MULTI-PANE LAYOUTS On a tablet, you want to take advantage of all the space. Get rid of line lengths that stretch the whole screen. Multi-pane layouts allow you to resolve than. Panes should represent content in an ordered manner, from left-to-right... content becomes more detailed. Rule is to maintain functional parity in all screen orientations. We have a few strategies to solve this. You can use all or some. You can either: stretch, stack, expand/collapse, or show/ hide different Ui panes, depending on the screen orientation. Some figures demonstrate these

designs. Implementation should be done with Fragments. A fragment is "a fragment of an actiivty". It's a unit that can be reused across activities. It's something smaller than an activity that shares lifecycle patterns, but is focused on a sub-layout that's separated in your codebase. To use fragments for older devices (down to 1.6), you can use the fragment compatibility library. http://j.mp/fragments-for-all Most of the heavy lifting for screen compatibility is done by the resources system. For example, using different bitmaps for different densities. You can also provide different layouts for different screen sizes. In these layouts, you can embed different fragment configurations (using the <fragment> element). Code demo for how to use different layouts with fragments for different screen orientations.
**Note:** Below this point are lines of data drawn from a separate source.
Lemma matpow_succ_r k g v : matpow (S k) g v = matpow k (matvec g) v.
Proof.
  revert v; induction k as [|k IH]; intros v; auto.
  change (matvec (matpow (S k) g) v = matvec (matpow k (matvec g)) v).
  now apply matvec_ext.
Qed.

Lemma vnorm_nonneg g : 0 <= vnorm g.
Proof. apply sumV_nonneg; intros; apply Rabs_pos. Qed.

Lemma rownorm_nonneg v : 0 <= rownorm v.
Proof. apply sumV_nonneg; intros; apply Rabs_pos. Qed.

Lemma mnorm_nonneg : 0 <= mnorm.
Proof. apply sumV_nonneg; intros; apply rownorm_nonneg. Qed.

Lemma Rabs_le_vnorm g w : (w < n)%nat -> Rabs (g w) <= vnorm g.
Proof. intros; apply (sumV_ge_term n (fun w => Rabs (g w))); auto; intros; apply Rabs_pos. Qed.

Lemma Rabs_entry_le_mnorm v w : (v < n)%nat -> (w < n)%nat -> Rabs (M v w) <= mnorm.
Proof.
  intros Hv Hw. apply Rle_trans with (rownorm v).
  - apply (sumV_ge_term n (fun w => Rabs (M v w))); auto; intros; apply Rabs_pos.
  - apply (sumV_ge_term n rownorm); auto; intros; apply rownorm_nonneg.
Qed.

Lemma Rabs_matvec_le g v : Rabs (matvec g v) <= rownorm v * vnorm g.
Proof.
  eapply Rle_trans; [apply Rabs_sumV_le|].
  unfold rownorm. rewrite Rmult_comm, <- sumV_scal. apply sumV_le; intros w Hw.
  rewrite Rabs_mult, (Rmult_comm (vnorm g)).
  apply Rmult_le_compat_l; [apply Rabs_pos | now apply Rabs_le_vnorm].
Qed.

Lemma vnorm_matpow_le k g : vnorm (matpow k g) <= mnorm ^ k * vnorm g.
Proof.
  induction k as [|k IH]; simpl; [lra|].
  apply Rle_trans with (mnorm * vnorm (matpow k g)).
  - unfold vnorm at 1, mnorm. rewrite Rmult_comm, <- sumV_scal.
    apply sumV_le; intros w Hw. rewrite Rmult_comm; apply Rabs_matvec_le.
  - rewrite Rmult_assoc. apply Rmult_le_compat_l; [apply mnorm_nonneg | exact IH].
Qed.

Lemma expm_radius g v x : (v < n)%nat -> Rbar_lt (Rabs x) (CV_radius (expm_coef g v)).
Proof.
  intros Hv. destruct (CV_radius_bounded (expm_coef g v)) as [Hub _].
  enough (Hb : exists B, forall k, Rabs (expm_coef g v k * (Rabs x + 1) ^ k) <= B).
  { specialize (Hub _ Hb). destruct (CV_radius (expm_coef g v)); simpl in *; auto; lra. }
  set (r := Rabs x + 1). exists (vnorm g * exp (mnorm * Rabs r)). intros k.
  assert (0 < INR (fact k)) by apply INR_fact_lt_0.
  pose proof mnorm_nonneg.
  assert (Hpow : Rabs (matpow k g v) <= mnorm ^ k * vnorm g).
  { eapply Rle_trans; [apply Rabs_le_vnorm, Hv | apply vnorm_matpow_le]. }
  assert (Hexp := pow_div_fact_le_exp (mnorm * Rabs r) k
                    ltac:(apply Rmult_le_pos; [lra | apply Rabs_pos])).
  unfold expm_coef, Rdiv. rewrite !Rabs_mult, Rabs_inv, (Rabs_right (INR (fact k))), <- RPow_abs by lra.
  rewrite Rpow_mult_distr in Hexp. unfold Rdiv in Hexp.
  apply Rle_trans with (vnorm g * (mnorm ^ k * Rabs r ^ k * / INR (fact k))).
  - assert (0 <= Rabs r ^ k) by (apply pow_le, Rabs_pos).
    assert (0 < / INR (fact k)) by (apply Rinv_0_lt_compat; lra).
    replace (vnorm g * (mnorm ^ k * Rabs r ^ k * / INR (fact k)))
      with (mnorm ^ k * vnorm g * / INR (fact k) * Rabs r ^ k) by ring.
    apply Rmult_le_compat_r; [lra|]. apply Rmult_le_compat_r; lra.
  - apply Rmult_le_compat_l; [apply vnorm_nonneg | exact Hexp].
Qed.

Lemma ex_pseries_expm_coef g v x : (v < n)%nat -> ex_pseries (expm_coef g v) x.
Proof. intros; now apply CV_radius_inside, expm_radius. Qed.

Lemma expm_0 g v : expm 0 g v = g v.
Proof. unfold expm. rewrite PSeries_0. unfold expm_coef; simpl; field. Qed.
APP NAVIGATION This has been a dramatic change in honeycomb. There are more ways users can deep dive into an app. Richer notifications, richer home screen widgets, and recent apps. Traditionally, users navigate based on "what just happened" (temporal memory), but not usually remembering what the sequence of what happened. Users are good at structural memory. They remember relationships between screens in an app. To address both, the system now supports navigation UP in addition to BACK. Sometimes they do the same thing. Visual example for how BACK works the same as UP, followed by an example of how it might be different. When user enter Gmail from another app. What we want you to do: Support up if you use the action bar. If you have deep links, make sure the BACK behavior works as expected. To support this, startActivities allows you to reconstruct a back stack.

BEYOND THE LIST There are several different ways to provide users a list. Doesn't have to be a vertical list. To implement these, you should be creative. CarouselView. It's not in the framework, but will be open sourced. Uses renderscript. FragmentPager and Workspace for showing open item or one page at a time. You should not use Gallery widget for this kind of stuff---it's for picking small image items.

Roman Nurik to demo IO app. Starts with tablet app. Describes the different fragments used in each activity. The calendar also uses the Workspace library to swipe between calendar days. On the phone, the home page is just the dashboard, not two fragments. For the action bar, it's custom, because ActionBar apis are not available. The fragments used for phone activities are

the same as the fragments on the tablet. It's a single APK (binary) for phones and tablets. Uses different resource qualifiers for different screen configurations. -xlarge-v11 to ensure that the designs are only for honeycomb tablets. Uses the fragment compatibility library. Some activities are specific for phones or tablets, but they're mostly just shells for the fragments. Roman shows some code for controlling the action bar, to show action items. Tab images are also customized for different platform versions. You don't always have to tweak the entire layout. Instead, you can define different dimensions for different configurations (place the dimension names in the layout and the system loads the appropriate dimensions for that config).

Q and A Will workspace be pacakaged for us? It's in the IO app, but we'll try to offer them elsewhere soon. REdsigning my app. Everything in Honeycomb is the direction for the future. Layout tools? See the Developer Tools talk later. Why use multiple activities instead of just swapping fragments? Both can work, but activities are easier for intents and the back stack. If the user uses a system feature widget, notification, reconstruct the back stack. If they came from another app, probably not. Action Bar for compatibility library? We'll consider it. When will anti-alias support arrive in 2D canvas? We're working on it.